---------- Extracted records ----------
(* In $\mathcal{H}eis_k$, with $\tau,c',d',x'$ as in the context, the following relations hold: $\tau\circ(x'\otimes 1_\uparrow)-(1_\uparrow\otimes x')\circ\tau=c'\circ d'$, $\quad\tau\circ(1_\downarrow\otimes x)-(x\otimes 1_\downarrow)\circ\tau=c'\circ d'$, $d'\circ(1_\downarrow\otimes x)=d'\circ(x'\otimes 1_\uparrow)$, $\quad(x\otimes 1_\downarrow)\circ c'=(1_\uparrow\otimes x')\circ c'$.
   Context: Fix a commutative ring $\Bbbk$ and an integer $k$. In a strict monoidal category write $\mathbf 1$ for the unit object, $1_X$ for the identity, $a\circ b$ for composition, $a\otimes b$ for tensor product, $x^n$ for the $n$-fold composite. The Heisenberg category $\mathcal{H}eis_k$ is the strict $\Bbbk$-linear monoidal category generated by objects $\uparrow,\downarrow$ and morphisms $x:\uparrow\to\uparrow$, $s:\uparrow\otimes\uparrow\to\uparrow\otimes\uparrow$, $c:\mathbf 1\to\downarrow\otimes\uparrow$, $d:\uparrow\otimes\downarrow\to\mathbf 1$, subject to the following relations, where $t:=(1_\downarrow\otimes 1_\uparrow\otimes d)\circ(1_\downarrow\otimes s\otimes 1_\downarrow)\circ(c\otimes 1_\uparrow\otimes 1_\downarrow):\uparrow\otimes\downarrow\to\downarrow\otimes\uparrow$: (H) $s\circ s=1_{\uparrow\otimes\uparrow}$; $(s\otimes 1_\uparrow)\circ(1_\uparrow\otimes s)\circ(s\otimes 1_\uparrow)=(1_\uparrow\otimes s)\circ(s\otimes 1_\uparrow)\circ(1_\uparrow\otimes s)$; $(x\otimes 1_\uparrow)\circ s-s\circ(1_\uparrow\otimes x)=1_{\uparrow\otimes\uparrow}$. (A) $(d\otimes 1_\uparrow)\circ(1_\uparrow\otimes c)=1_\uparrow$ and $(1_\downarrow\otimes d)\circ(c\otimes 1_\downarrow)=1_\downarrow$. (I) If $k\ge0$, the morphism $\uparrow\otimes\downarrow\to(\downarrow\otimes\uparrow)\oplus\mathbf 1^{\oplus k}$ with components $t$ and $d\circ(x^r\otimes 1_\downarrow)$, $r=0,\dots,k-1$, is an isomorphism in the additive envelope; if $k<0$, the morphism $(\uparrow\otimes\downarrow)\oplus\mathbf 1^{\oplus(-k)}\to\downarrow\otimes\uparrow$ with components $t$ and $(1_\downarrow\otimes x^r)\circ c$, $r=0,\dots,-k-1$, is an isomorphism in the additive envelope (formally, the entries of a two-sided inverse matrix are adjoined as generators). If $k\ge0$ the inverse in (I) has components $\tau:\downarrow\otimes\uparrow\to\uparrow\otimes\downarrow$ and $e_r:\mathbf 1\to\uparrow\otimes\downarrow$ ($0\le r<k$); if $k<0$ it has components $\tau:\downarrow\otimes\uparrow\to\uparrow\otimes\downarrow$ and $f_r:\downarrow\otimes\uparrow\to\mathbf 1$ ($0\le r<-k$). Set $c':=-e_{k-1}$ if $k>0$, $c':=\tau\circ(1_\downarrow\otimes x^{-k})\circ c$ if $k\le0$; $d':=d\circ(x^k\otimes1_\downarrow)\circ\tau$ if $k\ge0$, $d':=f_{-k-1}$ if $k<0$. Let $x':=(1_\downarrow\otimes d)\circ(1_\downarrow\otimes x\otimes 1_\downarrow)\circ(c\otimes 1_\downarrow):\downarrow\to\downarrow$. *)

From HB Require Import structures.
From mathcomp Require Import all_boot all_algebra.
Set Implicit Arguments. Unset Strict Implicit. Unset Printing Implicit Defensive.
Import GRing.Theory.
Local Open Scope ring_scope.

Definition obj := seq bool.
Definition up : obj := [:: true].
Definition dn : obj := [:: false].
Definition unit_obj : obj := [::].

Definition castH (H : obj -> obj -> Type) (A A' B B' : obj)
  (eA : A = A') (eB : B = B') (f : H A B) : H A' B' :=
  match eA in _ = X, eB in _ = Y return H X Y with erefl, erefl => f end.

(* A strict R-linear monoidal category whose monoid of objects is the free
   monoid on {up, down} (as is the case for Heis_k). *)
Record smcat (R : comPzRingType) := SMCat {
  mor : obj -> obj -> lmodType R;
  mcomp : forall A B C, mor B C -> mor A B -> mor A C;
  mid : forall A, mor A A;
  mtens : forall A B C D, mor A B -> mor C D -> mor (A ++ C) (B ++ D);
  compA : forall A B C D (f : mor C D) (g : mor B C) (h : mor A B),
    mcomp f (mcomp g h) = mcomp (mcomp f g) h;
  comp1m : forall A B (f : mor A B), mcomp (mid B) f = f;
  compm1 : forall A B (f : mor A B), mcomp f (mid A) = f;
  compDl : forall A B C (f f' : mor B C) (g : mor A B),
    mcomp (f + f') g = mcomp f g + mcomp f' g;
  compDr : forall A B C (f : mor B C) (g g' : mor A B),
    mcomp f (g + g') = mcomp f g + mcomp f g';
  compZl : forall A B C (a : R) (f : mor B C) (g : mor A B),
    mcomp (a *: f) g = a *: mcomp f g;
  compZr : forall A B C (a : R) (f : mor B C) (g : mor A B),
    mcomp f (a *: g) = a *: mcomp f g;
  tensDl : forall A B C D (f f' : mor A B) (g : mor C D),
    mtens (f + f') g = mtens f g + mtens f' g;
  tensDr : forall A B C D (f : mor A B) (g g' : mor C D),
    mtens f (g + g') = mtens f g + mtens f g';
  tensZl : forall A B C D (a : R) (f : mor A B) (g : mor C D),
    mtens (a *: f) g = a *: mtens f g;
  tensZr : forall A B C D (a : R) (f : mor A B) (g : mor C D),
    mtens f (a *: g) = a *: mtens f g;
  tens_comp : forall A B C A' B' C' (f : mor B C) (f' : mor A B)
      (g : mor B' C') (g' : mor A' B'),
    mcomp (mtens f g) (mtens f' g') = mtens (mcomp f f') (mcomp g g');
  tens_id : forall A B, mtens (mid A) (mid B) = mid (A ++ B);
  tensA : forall A B C D E F (f : mor A B) (g : mor C D) (h : mor E F),
    mtens (mtens f g) h =
    castH (H := fun X Y => mor X Y : Type) (catA A C E) (catA B D F)
      (mtens f (mtens g h));
  tens1l : forall A B (f : mor A B), mtens (mid unit_obj) f = f;
  tens1r : forall A B (f : mor A B),
    mtens f (mid unit_obj) =
    castH (H := fun X Y => mor X Y : Type) (esym (cats0 A)) (esym (cats0 B)) f
}.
----------
▶ _Prompt_:
What needs duplicating is the run of lines from the one containing "(mtens f (mtens g h));" through the last line of the entries above, exact and complete.

▶ _Task solution_:
      (mtens f (mtens g h));
  tens1l : forall A B (f : mor A B), mtens (mid unit_obj) f = f;
  tens1r : forall A B (f : mor A B),
    mtens f (mid unit_obj) =
    castH (H := fun X Y => mor X Y : Type) (esym (cats0 A)) (esym (cats0 B)) f
}.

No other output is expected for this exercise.